## [EXERCISE MATERIALS]
──────
(* Let $I\subseteq R$ be an $\mathfrak m$-primary monomial ideal with $\mu_i=x_i^{d_i}\in G(I)$ for $i=1,\dots,n$. Assume that every minimal generator $x_1^{\alpha_1}\cdots x_n^{\alpha_n}\in G(I)$ which is not a corner satisfies $\frac{\alpha_1}{d_1}+\cdots+\frac{\alpha_n}{d_n}\ge \frac n2$. Then $I$ is good.
   Context: Let $\mathbb K$ be a field, $R=\mathbb K[x_1,\dots,x_n]$, $\mathfrak m=\langle x_1,\dots,x_n\rangle$, $\mathbb N=\{0,1,2,\dots\}$. A monomial $x_1^{\alpha_1}\cdots x_n^{\alpha_n}$ is identified with the point $(\alpha_1,\dots,\alpha_n)\in\mathbb N^n$. For a monomial ideal $I$, $G(I)$ denotes its (unique) minimal monomial generating set. If $I$ is an $\mathfrak m$-primary monomial ideal, then for each $i$ there is a unique $d_i\ge1$ with $x_i^{d_i}\in G(I)$; write $\mu_i=x_i^{d_i}$. A corner is a monomial whose exponent vector is $(k_1d_1,\dots,k_nd_n)$ with all $k_i\in\mathbb N$. For $(a_1,\dots,a_n)\in\mathbb N^n$ the box associated to $I$ is $B_{a_1,\dots,a_n}=([a_1d_1,(a_1+1)d_1]\times\cdots\times[a_nd_n,(a_n+1)d_n])\cap\mathbb N^n$; a monomial belongs to a box if its exponent vector does. $I$ is called good if for every integer $l\ge1$, every element of $G(I^l)$ belongs to some box $B_{a_1,\dots,a_n}$ with $a_1+\dots+a_n=l-1$; otherwise $I$ is called bad. *)

(* Monomials of K[x_1..x_n] are identified with exponent
   vectors 'I_n -> nat; a monomial ideal is identified with the (up-closed)
   set of monomials it contains. *)
From mathcomp Require Import all_boot all_order all_algebra.
Set Implicit Arguments. Unset Strict Implicit. Unset Printing Implicit Defensive.
Import Order.TTheory GRing.Theory Num.Theory.

Definition expv (n : nat) := 'I_n -> nat.

Definition mdiv n (a b : expv n) : Prop := forall i, a i <= b i.

Definition mmul n (a b : expv n) : expv n := fun i => a i + b i.

Definition xpow n (i : 'I_n) (k : nat) : expv n := fun j => if j == i then k else 0.

Definition mone n : expv n := fun _ => 0.

Definition is_monomial_ideal n (I : expv n -> Prop) : Prop :=
  forall a b, I a -> mdiv a b -> I b.

Definition mingen n (I : expv n -> Prop) (a : expv n) : Prop :=
  I a /\ forall b, I b -> mdiv b a -> mdiv a b.

Fixpoint ideal_pow n (I : expv n -> Prop) (l : nat) : expv n -> Prop :=
  match l with
  | 0 => fun _ => True
  | l'.+1 => fun a => exists b c, I b /\ ideal_pow I l' c /\ mdiv (mmul b c) a
  end.

(* m-primary: I contained in m (1 not in I) and contains a power of each x_i *)
Definition m_primary n (I : expv n -> Prop) : Prop :=
  ~ I (@mone n) /\ forall i : 'I_n, exists k, I (xpow i k).

Definition corner n (d : 'I_n -> nat) (a : expv n) : Prop :=
  forall i, exists k, a i = k * d i.

Definition in_box n (d : 'I_n -> nat) (c : 'I_n -> nat) (a : expv n) : Prop :=
  forall i, c i * d i <= a i <= (c i).+1 * d i.

Definition good n (d : 'I_n -> nat) (I : expv n -> Prop) : Prop :=
  forall l, 1 <= l -> forall a, mingen (ideal_pow I l) a ->
    exists c : 'I_n -> nat, (\sum_(i < n) c i = l.-1)%N /\ in_box d c a.

From mathcomp Require Import all_boot all_order all_algebra.
Import Order.TTheory GRing.Theory Num.Theory.
From mathcomp Require Import zify lra.
From Stdlib Require Import Classical.

Set Implicit Arguments.
Unset Strict Implicit.
Unset Printing Implicit Defensive.

(* A monomial a lies in a box B_c with c_1 + ... + c_n = l - 1 iff
   \sum_i (ceil(a_i/d_i) - 1) <= l - 1 <= \sum_i floor(a_i/d_i); c is then
   chosen coordinatewise between these bounds. For a minimal generator a of
   I^l the left inequality holds in any monomial ideal containing the mu_i:
   otherwise a product of l pure powers mu_i would strictly divide a. For the
   right one, a is a multiple of a product of l minimal generators of I. Each
   corner generator contributes a whole d_k to some coordinate; the q
   non-corner ones add up to a monomial b with \sum_i b_i/d_i >= q n/2, and
   n >= 2. Rounding down loses less than n, so
   q <= \sum_i floor(b_i/d_i) + 1. *)

Lemma sum_pred1_nat n (i : 'I_n) : \sum_(j < n) (j == i) = 1.
Proof. by rewrite (bigD1 i) //= eqxx big1 => // j /negbTE ->. Qed.

Lemma exists_bounded_sum n (lo hi : 'I_n -> nat) (L : nat) :
  (forall i, lo i <= hi i) -> \sum_(i < n) lo i <= L <= \sum_(i < n) hi i ->
  exists2 c : 'I_n -> nat, forall i, lo i <= c i <= hi i & \sum_(i < n) c i = L.
Proof.
move=> lo_hi /andP[lo_L]; rewrite -(subnKC lo_L); elim: (L - _) => [|k IHk] Lk.
  by exists lo => [i|]; rewrite ?addn0 ?leqnn ?lo_hi.
rewrite addnS in Lk; have [c c_bounds c_sum] := IHk (ltnW Lk).
have [i c_lt_hi] : exists i, c i < hi i.
  apply/existsP; apply: contraTT Lk => /existsPn c_hi.
  by rewrite -leqNgt -c_sum; apply: leq_sum => i _; rewrite leqNgt c_hi.
exists (fun j => c j + (j == i)) => [j|].
  by have /andP[] := c_bounds j; case: eqVneq => [->|_]; lia.
by rewrite big_split /= c_sum sum_pred1_nat addn1 addnS.
Qed.

Lemma box_coordE (d a c : nat) : 0 < d ->
  (c * d <= a <= c.+1 * d) = ((a.-1) %/ d <= c <= a %/ d).
Proof.
move=> d_gt0; rewrite andbC leq_divRL //; congr (_ && _).
by case: a => [|a] /=; rewrite ?div0n // -ltn_divLR.
Qed.

Definition mdeg n (d : 'I_n -> nat) (a : expv n) : rat :=
  (\sum_(i < n) (a i)%:R / (d i)%:R)%R.

Lemma mdeg_lt_sum_divn n (d : 'I_n -> nat) (a : expv n) :
  0 < n -> (forall i, 0 < d i) -> (mdeg d a < (\sum_(i < n) a i %/ d i + n)%N%:R)%R.
Proof.
move=> n_gt0 d_gt0; rewrite natrD natr_sum -[n in (n%:R)%R]card_ord -sumr_const.
rewrite -big_split /=; apply: ltr_sum => [|i _].
  by apply/hasP; exists (Ordinal n_gt0); rewrite ?mem_index_enum.
by rewrite ltr_pdivrMr ?ltr0n // natr1 -natrM ltr_nat ltn_ceil.
Qed.

Lemma mdegD n (d : 'I_n -> nat) (a b : expv n) :
  mdeg d (mmul a b) = (mdeg d a + mdeg d b)%R.
Proof.
by rewrite /mdeg -big_split; apply: eq_bigr => i _; rewrite /mmul natrD mulrDl.
Qed.

Section MonomialIdeal.

Variables (n : nat) (I : expv n -> Prop).

Lemma mingen_mdiv_eq a g : I a -> mingen I g -> mdiv a g -> a =1 g.
Proof.
by move=> Ia [_ g_min] a_g i; apply/eqP; rewrite eqn_leq a_g (g_min a Ia a_g).
Qed.

Lemma exists_mingen_mdiv a : I a -> exists2 g, mingen I g & mdiv g a.
Proof.
move Na : (\sum_(i < n) a i) => N; elim/ltn_ind: N a Na => N IHN a Na Ia.
have [a_min | a_nmin] := classic (mingen I a); first by exists a.
have [b [Ib b_a a_nb]] : exists b, [/\ I b, mdiv b a & ~ mdiv a b].
  apply: NNPP => no_b; apply: a_nmin; split=> // b Ib b_a.
  by apply: NNPP => a_nb; apply: no_b; exists b.
have [i b_lt_a] : exists i, b i < a i.
  apply: NNPP => no_i; apply: a_nb => i; rewrite leqNgt.
  by apply/negP => ?; apply: no_i; exists i.
have [|g g_min g_b] := IHN (\sum_(j < n) b j) _ b erefl Ib.
  rewrite -Na (bigD1 i) //= [X in _ < X](bigD1 i) //= -addSn.
  by rewrite leq_add // leq_sum.
by exists g => // j; apply: leq_trans (g_b j) (b_a j).
Qed.

Hypothesis I_ideal : is_monomial_ideal I.
Hypothesis I_proper : ~ I (@mone n).

Lemma xpow_in_ideal_gt0 i k : I (xpow i k) -> 0 < k.
Proof.
move=> Ix; rewrite lt0n; apply/eqP => k0; apply: I_proper.
by apply: I_ideal Ix _ => j; rewrite /xpow k0; case: (j == i).
Qed.

Lemma corner_in_ideal_ge d g : I g -> corner d g -> exists k, d k <= g k.
Proof.
move=> Ig g_corner; apply: NNPP => no_k; apply: I_proper; apply: I_ideal Ig _ => i.
have [[|m] g_i] := g_corner i; first by rewrite g_i.
by case: no_k; exists i; rewrite g_i mulSn leq_addr.
Qed.

Variable d : 'I_n -> nat.

Lemma ideal_pow_corner l (f : 'I_n -> nat) : (forall i, I (xpow i (d i))) ->
  \sum_(i < n) f i = l -> ideal_pow I l (fun i => f i * d i).
Proof.
move=> xpow_in; elim: l f => [//|l IHl] f f_sum /=.
have : \sum_(j < n) f j != 0 by rewrite f_sum.
rewrite sum_nat_eq0 => /forallPn[i /= f_i_neq0].
pose f' j := f j - (j == i).
have f_eq j : f j = f' j + (j == i).
  by rewrite /f' subnK //; case: eqVneq => [->|]; rewrite ?lt0n.
exists (xpow i (d i)), (fun j => f' j * d j); split; [exact: xpow_in | split].
  apply: IHl; apply: succn_inj; rewrite -f_sum (eq_bigr _ (fun j _ => f_eq j)).
  by rewrite big_split /= sum_pred1_nat addn1.
move=> j; rewrite /mmul /xpow [in leqRHS]f_eq mulnDl addnC.
by case: eqVneq => [->|]; rewrite ?mul1n ?addn0.
Qed.

Lemma sum_divn_pred_lt l a : (forall i, I (xpow i (d i))) -> 0 < l ->
  mingen (ideal_pow I l) a -> \sum_(i < n) (a i).-1 %/ d i < l.
Proof.
move=> xpow_in l_gt0 [_ a_min]; rewrite ltnNge; apply/negP => l_le.
have [|f f_bounds f_sum] :=
  @exists_bounded_sum n (fun=> 0) (fun i => (a i).-1 %/ d i) l (fun i => leq0n _).
  by rewrite big1_eq l_le.
have f_d_le i : f i * d i <= (a i).-1.
  have /andP[_ f_le] := f_bounds i.
  exact: leq_trans (leq_mul f_le (leqnn _)) (leq_trunc_div _ _).
have a_le := a_min _ (ideal_pow_corner xpow_in f_sum)
  (fun i => leq_trans (f_d_le i) (leq_pred _)).
have f0 i : f i = 0.
  have a0 : a i = 0 by have := a_le i; have := f_d_le i; lia.
  by have /andP[_] := f_bounds i; rewrite a0 div0n leqn0 => /eqP.
by move: l_gt0; rewrite -f_sum big1.
Qed.

Hypothesis d_mingen : forall i, mingen I (xpow i (d i)).
Hypothesis noncorner_mdeg :
  forall g, mingen I g -> ~ corner d g -> (n%:R / 2%:R <= mdeg d g)%R.

Lemma mingen_noncorner_gt1 g : mingen I g -> ~ corner d g -> 1 < n.
Proof.
move=> g_min g_ncorner; rewrite ltnNge; apply/negP => n_le1.
apply: g_ncorner => i; exists 1; rewrite mul1n.
have ord_eq (j : 'I_n) : j = i.
  by apply: ord_inj; have := ltn_ord i; have := ltn_ord j; lia.
have xpow_i : xpow i (d i) i = d i by rewrite /xpow eqxx.
case: (leqP (d i) (g i)) => [d_le_g | g_lt_d].
  rewrite -(mingen_mdiv_eq (d_mingen i).1 g_min) // => j.
  by rewrite (ord_eq j) xpow_i.
rewrite (mingen_mdiv_eq g_min.1 (d_mingen i)) // => j.
by rewrite (ord_eq j) xpow_i ltnW.
Qed.

Lemma ideal_pow_decomp l a : ideal_pow I l a ->
  exists (e : 'I_n -> nat) (b : expv n) (q : nat),
    [/\ \sum_(i < n) e i + q = l, 0 < q -> 1 < n,
        (q%:R * (n%:R / 2%:R) <= mdeg d b)%R & forall i, e i * d i + b i <= a i].
Proof.
elim: l a => [|l IHl] a /=.
  move=> _; exists (fun=> 0), (fun=> 0), 0; split=> //; first by rewrite big1_eq.
  by rewrite mul0r; apply: sumr_ge0 => i _; rewrite divr_ge0.
move=> [g [c [Ig [c_pow gc_a]]]].
have [e [b [q [e_sum q_gt0 q_mdeg ebc]]]] := IHl c c_pow.
have [h h_min h_g] := exists_mingen_mdiv Ig.
have ebh_a i : e i * d i + b i + h i <= a i.
  by have := ebc i; have := h_g i; have := gc_a i; rewrite /mmul; lia.
have [h_corner | h_ncorner] := classic (corner d h).
  have [k d_le_h] := corner_in_ideal_ge h_min.1 h_corner.
  exists (fun j => e j + (j == k)), b, q; split=> //.
    by rewrite big_split /= sum_pred1_nat addnAC addn1 e_sum.
  move=> j; have := ebh_a j; rewrite mulnDl.
  by case: eqVneq => [->|_]; rewrite ?mul1n ?mul0n; lia.
exists e, (mmul b h), q.+1; split=> [||//|j].
- by rewrite addnS e_sum.
- by move=> _; apply: mingen_noncorner_gt1 h_min h_ncorner.
- by rewrite mdegD -addn1 natrD mulrDl mul1r lerD // noncorner_mdeg.
- by rewrite /mmul addnA ebh_a.
Qed.

Lemma ideal_pow_le_sum_divn l a : ideal_pow I l a ->
  l <= (\sum_(i < n) a i %/ d i).+1.
Proof.
move=> a_pow; have [e [b [q [<- q_gt0 q_mdeg ebc]]]] := ideal_pow_decomp a_pow.
have d_gt0 i : 0 < d i := xpow_in_ideal_gt0 (d_mingen i).1.
set F := \sum_(i < n) b i %/ d i.
have eF_le : \sum_(i < n) e i + F <= \sum_(i < n) a i %/ d i.
  rewrite -big_split leq_sum // => i _ /=.
  by rewrite -(divnMDl _ _ (d_gt0 i)) leq_div2r.
suff : q <= F.+1 by lia.
case: q q_gt0 q_mdeg => [//|q] /(_ isT) n_gt1 q_mdeg.
have mdeg_lt := mdeg_lt_sum_divn b (ltnW n_gt1) d_gt0.
have : ((q.+1 * n)%:R < (2 * (F + n))%:R :> rat)%R.
  by rewrite !natrM natrD; rewrite mulrA in q_mdeg; lra.
by rewrite ltr_nat; nia.
Qed.

End MonomialIdeal.

Theorem mainTheorem3 (n : nat) (I : expv n -> Prop) (d : 'I_n -> nat) :
  is_monomial_ideal I ->
  m_primary I ->
  (forall i : 'I_n, mingen I (xpow i (d i))) ->
  (forall a : expv n, mingen I a -> ~ corner d a ->
     (n%:R / 2%:R <= \sum_(i < n) ((a i)%:R / (d i)%:R) :> rat)%R) ->
  good d I.
Proof.
move=> I_ideal [I_proper _] d_mingen noncorner_mdeg l l_gt0 a a_min.
have xpow_in i : I (xpow i (d i)) := (d_mingen i).1.
have d_gt0 i : 0 < d i := xpow_in_ideal_gt0 I_ideal I_proper (xpow_in i).
have lo_le_hi i : (a i).-1 %/ d i <= a i %/ d i := leq_div2r _ (leq_pred _).
have lo_le_hi_sum : \sum_(i < n) (a i).-1 %/ d i <= l.-1 <= \sum_(i < n) a i %/ d i.
  rewrite -ltnS prednK // (sum_divn_pred_lt xpow_in l_gt0 a_min) /= -ltnS prednK //.
  exact: (ideal_pow_le_sum_divn I_ideal I_proper d_mingen noncorner_mdeg a_min.1).
have [c c_bounds c_sum] := exists_bounded_sum lo_le_hi lo_le_hi_sum.
by exists c; split=> // i; rewrite box_coordE.
Qed.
──────
## [WHAT THE EXERCISE ASKS]
Exactly as written, repeat the lines from the start of the listing through the line containing "set of monomials it contains. *)", both included.

## [RESULT OF THIS TASK]
(* Let $I\subseteq R$ be an $\mathfrak m$-primary monomial ideal with $\mu_i=x_i^{d_i}\in G(I)$ for $i=1,\dots,n$. Assume that every minimal generator $x_1^{\alpha_1}\cdots x_n^{\alpha_n}\in G(I)$ which is not a corner satisfies $\frac{\alpha_1}{d_1}+\cdots+\frac{\alpha_n}{d_n}\ge \frac n2$. Then $I$ is good.
   Context: Let $\mathbb K$ be a field, $R=\mathbb K[x_1,\dots,x_n]$, $\mathfrak m=\langle x_1,\dots,x_n\rangle$, $\mathbb N=\{0,1,2,\dots\}$. A monomial $x_1^{\alpha_1}\cdots x_n^{\alpha_n}$ is identified with the point $(\alpha_1,\dots,\alpha_n)\in\mathbb N^n$. For a monomial ideal $I$, $G(I)$ denotes its (unique) minimal monomial generating set. If $I$ is an $\mathfrak m$-primary monomial ideal, then for each $i$ there is a unique $d_i\ge1$ with $x_i^{d_i}\in G(I)$; write $\mu_i=x_i^{d_i}$. A corner is a monomial whose exponent vector is $(k_1d_1,\dots,k_nd_n)$ with all $k_i\in\mathbb N$. For $(a_1,\dots,a_n)\in\mathbb N^n$ the box associated to $I$ is $B_{a_1,\dots,a_n}=([a_1d_1,(a_1+1)d_1]\times\cdots\times[a_nd_n,(a_n+1)d_n])\cap\mathbb N^n$; a monomial belongs to a box if its exponent vector does. $I$ is called good if for every integer $l\ge1$, every element of $G(I^l)$ belongs to some box $B_{a_1,\dots,a_n}$ with $a_1+\dots+a_n=l-1$; otherwise $I$ is called bad. *)

(* Monomials of K[x_1..x_n] are identified with exponent
   vectors 'I_n -> nat; a monomial ideal is identified with the (up-closed)
   set of monomials it contains. *)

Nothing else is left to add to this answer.